# Data
>>
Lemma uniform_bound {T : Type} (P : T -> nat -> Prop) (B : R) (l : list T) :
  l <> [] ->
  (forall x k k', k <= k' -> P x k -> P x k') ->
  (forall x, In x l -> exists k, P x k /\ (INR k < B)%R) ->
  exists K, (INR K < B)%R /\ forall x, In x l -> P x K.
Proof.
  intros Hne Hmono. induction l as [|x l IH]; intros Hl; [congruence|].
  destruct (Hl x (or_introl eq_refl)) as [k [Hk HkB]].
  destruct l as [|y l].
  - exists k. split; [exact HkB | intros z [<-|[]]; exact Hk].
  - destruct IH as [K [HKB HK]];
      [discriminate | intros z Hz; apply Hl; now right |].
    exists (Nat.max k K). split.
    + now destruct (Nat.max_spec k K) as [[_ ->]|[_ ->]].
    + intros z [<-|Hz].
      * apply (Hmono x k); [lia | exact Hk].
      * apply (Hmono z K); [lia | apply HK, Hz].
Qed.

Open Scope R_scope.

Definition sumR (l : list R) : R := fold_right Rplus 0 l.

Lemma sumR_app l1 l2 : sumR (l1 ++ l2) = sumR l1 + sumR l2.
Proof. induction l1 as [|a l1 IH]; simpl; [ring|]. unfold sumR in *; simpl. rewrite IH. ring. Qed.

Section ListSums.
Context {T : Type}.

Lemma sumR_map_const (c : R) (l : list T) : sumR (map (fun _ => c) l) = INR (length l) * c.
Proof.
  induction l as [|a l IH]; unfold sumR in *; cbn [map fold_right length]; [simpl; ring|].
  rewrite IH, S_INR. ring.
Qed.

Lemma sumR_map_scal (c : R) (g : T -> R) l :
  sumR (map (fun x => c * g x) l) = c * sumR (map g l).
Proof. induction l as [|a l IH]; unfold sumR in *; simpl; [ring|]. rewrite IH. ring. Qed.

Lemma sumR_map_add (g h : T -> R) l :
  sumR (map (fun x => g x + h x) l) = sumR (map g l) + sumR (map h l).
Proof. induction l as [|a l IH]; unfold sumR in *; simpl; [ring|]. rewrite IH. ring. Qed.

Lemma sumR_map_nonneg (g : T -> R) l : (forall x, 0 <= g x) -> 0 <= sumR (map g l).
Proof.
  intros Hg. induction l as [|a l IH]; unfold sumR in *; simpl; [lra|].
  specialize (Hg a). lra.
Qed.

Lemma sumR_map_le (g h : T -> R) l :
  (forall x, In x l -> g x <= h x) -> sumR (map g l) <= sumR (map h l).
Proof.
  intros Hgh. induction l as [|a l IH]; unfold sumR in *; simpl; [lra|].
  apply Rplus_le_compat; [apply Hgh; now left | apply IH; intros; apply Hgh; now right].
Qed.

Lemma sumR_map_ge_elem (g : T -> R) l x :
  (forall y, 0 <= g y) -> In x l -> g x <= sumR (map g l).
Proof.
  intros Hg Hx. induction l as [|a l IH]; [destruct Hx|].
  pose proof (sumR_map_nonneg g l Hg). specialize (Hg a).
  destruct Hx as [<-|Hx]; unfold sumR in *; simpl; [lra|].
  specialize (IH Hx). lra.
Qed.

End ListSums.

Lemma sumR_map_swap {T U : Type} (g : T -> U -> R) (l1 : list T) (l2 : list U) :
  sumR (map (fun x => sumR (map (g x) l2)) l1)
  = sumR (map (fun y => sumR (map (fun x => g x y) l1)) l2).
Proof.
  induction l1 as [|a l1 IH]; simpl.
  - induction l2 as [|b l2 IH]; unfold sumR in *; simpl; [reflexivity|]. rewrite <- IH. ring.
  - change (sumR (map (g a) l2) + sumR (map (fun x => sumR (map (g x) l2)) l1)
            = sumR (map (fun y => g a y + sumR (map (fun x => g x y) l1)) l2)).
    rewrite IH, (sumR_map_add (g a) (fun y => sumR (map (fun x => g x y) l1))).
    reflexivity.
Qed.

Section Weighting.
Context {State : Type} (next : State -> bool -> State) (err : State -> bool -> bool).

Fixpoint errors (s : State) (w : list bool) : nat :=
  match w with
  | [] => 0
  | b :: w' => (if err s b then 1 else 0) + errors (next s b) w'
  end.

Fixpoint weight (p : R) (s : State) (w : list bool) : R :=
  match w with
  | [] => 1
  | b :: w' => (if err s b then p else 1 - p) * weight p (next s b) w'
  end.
<<
Write the entire listing out again, word for word.

# Expected answer
Lemma uniform_bound {T : Type} (P : T -> nat -> Prop) (B : R) (l : list T) :
  l <> [] ->
  (forall x k k', k <= k' -> P x k -> P x k') ->
  (forall x, In x l -> exists k, P x k /\ (INR k < B)%R) ->
  exists K, (INR K < B)%R /\ forall x, In x l -> P x K.
Proof.
  intros Hne Hmono. induction l as [|x l IH]; intros Hl; [congruence|].
  destruct (Hl x (or_introl eq_refl)) as [k [Hk HkB]].
  destruct l as [|y l].
  - exists k. split; [exact HkB | intros z [<-|[]]; exact Hk].
  - destruct IH as [K [HKB HK]];
      [discriminate | intros z Hz; apply Hl; now right |].
    exists (Nat.max k K). split.
    + now destruct (Nat.max_spec k K) as [[_ ->]|[_ ->]].
    + intros z [<-|Hz].
      * apply (Hmono x k); [lia | exact Hk].
      * apply (Hmono z K); [lia | apply HK, Hz].
Qed.

Open Scope R_scope.

Definition sumR (l : list R) : R := fold_right Rplus 0 l.

Lemma sumR_app l1 l2 : sumR (l1 ++ l2) = sumR l1 + sumR l2.
Proof. induction l1 as [|a l1 IH]; simpl; [ring|]. unfold sumR in *; simpl. rewrite IH. ring. Qed.

Section ListSums.
Context {T : Type}.

Lemma sumR_map_const (c : R) (l : list T) : sumR (map (fun _ => c) l) = INR (length l) * c.
Proof.
  induction l as [|a l IH]; unfold sumR in *; cbn [map fold_right length]; [simpl; ring|].
  rewrite IH, S_INR. ring.
Qed.

Lemma sumR_map_scal (c : R) (g : T -> R) l :
  sumR (map (fun x => c * g x) l) = c * sumR (map g l).
Proof. induction l as [|a l IH]; unfold sumR in *; simpl; [ring|]. rewrite IH. ring. Qed.

Lemma sumR_map_add (g h : T -> R) l :
  sumR (map (fun x => g x + h x) l) = sumR (map g l) + sumR (map h l).
Proof. induction l as [|a l IH]; unfold sumR in *; simpl; [ring|]. rewrite IH. ring. Qed.

Lemma sumR_map_nonneg (g : T -> R) l : (forall x, 0 <= g x) -> 0 <= sumR (map g l).
Proof.
  intros Hg. induction l as [|a l IH]; unfold sumR in *; simpl; [lra|].
  specialize (Hg a). lra.
Qed.

Lemma sumR_map_le (g h : T -> R) l :
  (forall x, In x l -> g x <= h x) -> sumR (map g l) <= sumR (map h l).
Proof.
  intros Hgh. induction l as [|a l IH]; unfold sumR in *; simpl; [lra|].
  apply Rplus_le_compat; [apply Hgh; now left | apply IH; intros; apply Hgh; now right].
Qed.

Lemma sumR_map_ge_elem (g : T -> R) l x :
  (forall y, 0 <= g y) -> In x l -> g x <= sumR (map g l).
Proof.
  intros Hg Hx. induction l as [|a l IH]; [destruct Hx|].
  pose proof (sumR_map_nonneg g l Hg). specialize (Hg a).
  destruct Hx as [<-|Hx]; unfold sumR in *; simpl; [lra|].
  specialize (IH Hx). lra.
Qed.

End ListSums.

Lemma sumR_map_swap {T U : Type} (g : T -> U -> R) (l1 : list T) (l2 : list U) :
  sumR (map (fun x => sumR (map (g x) l2)) l1)
  = sumR (map (fun y => sumR (map (fun x => g x y) l1)) l2).
Proof.
  induction l1 as [|a l1 IH]; simpl.
  - induction l2 as [|b l2 IH]; unfold sumR in *; simpl; [reflexivity|]. rewrite <- IH. ring.
  - change (sumR (map (g a) l2) + sumR (map (fun x => sumR (map (g x) l2)) l1)
            = sumR (map (fun y => g a y + sumR (map (fun x => g x y) l1)) l2)).
    rewrite IH, (sumR_map_add (g a) (fun y => sumR (map (fun x => g x y) l1))).
    reflexivity.
Qed.

Section Weighting.
Context {State : Type} (next : State -> bool -> State) (err : State -> bool -> bool).

Fixpoint errors (s : State) (w : list bool) : nat :=
  match w with
  | [] => 0
  | b :: w' => (if err s b then 1 else 0) + errors (next s b) w'
  end.

Fixpoint weight (p : R) (s : State) (w : list bool) : R :=
  match w with
  | [] => 1
  | b :: w' => (if err s b then p else 1 - p) * weight p (next s b) w'
  end.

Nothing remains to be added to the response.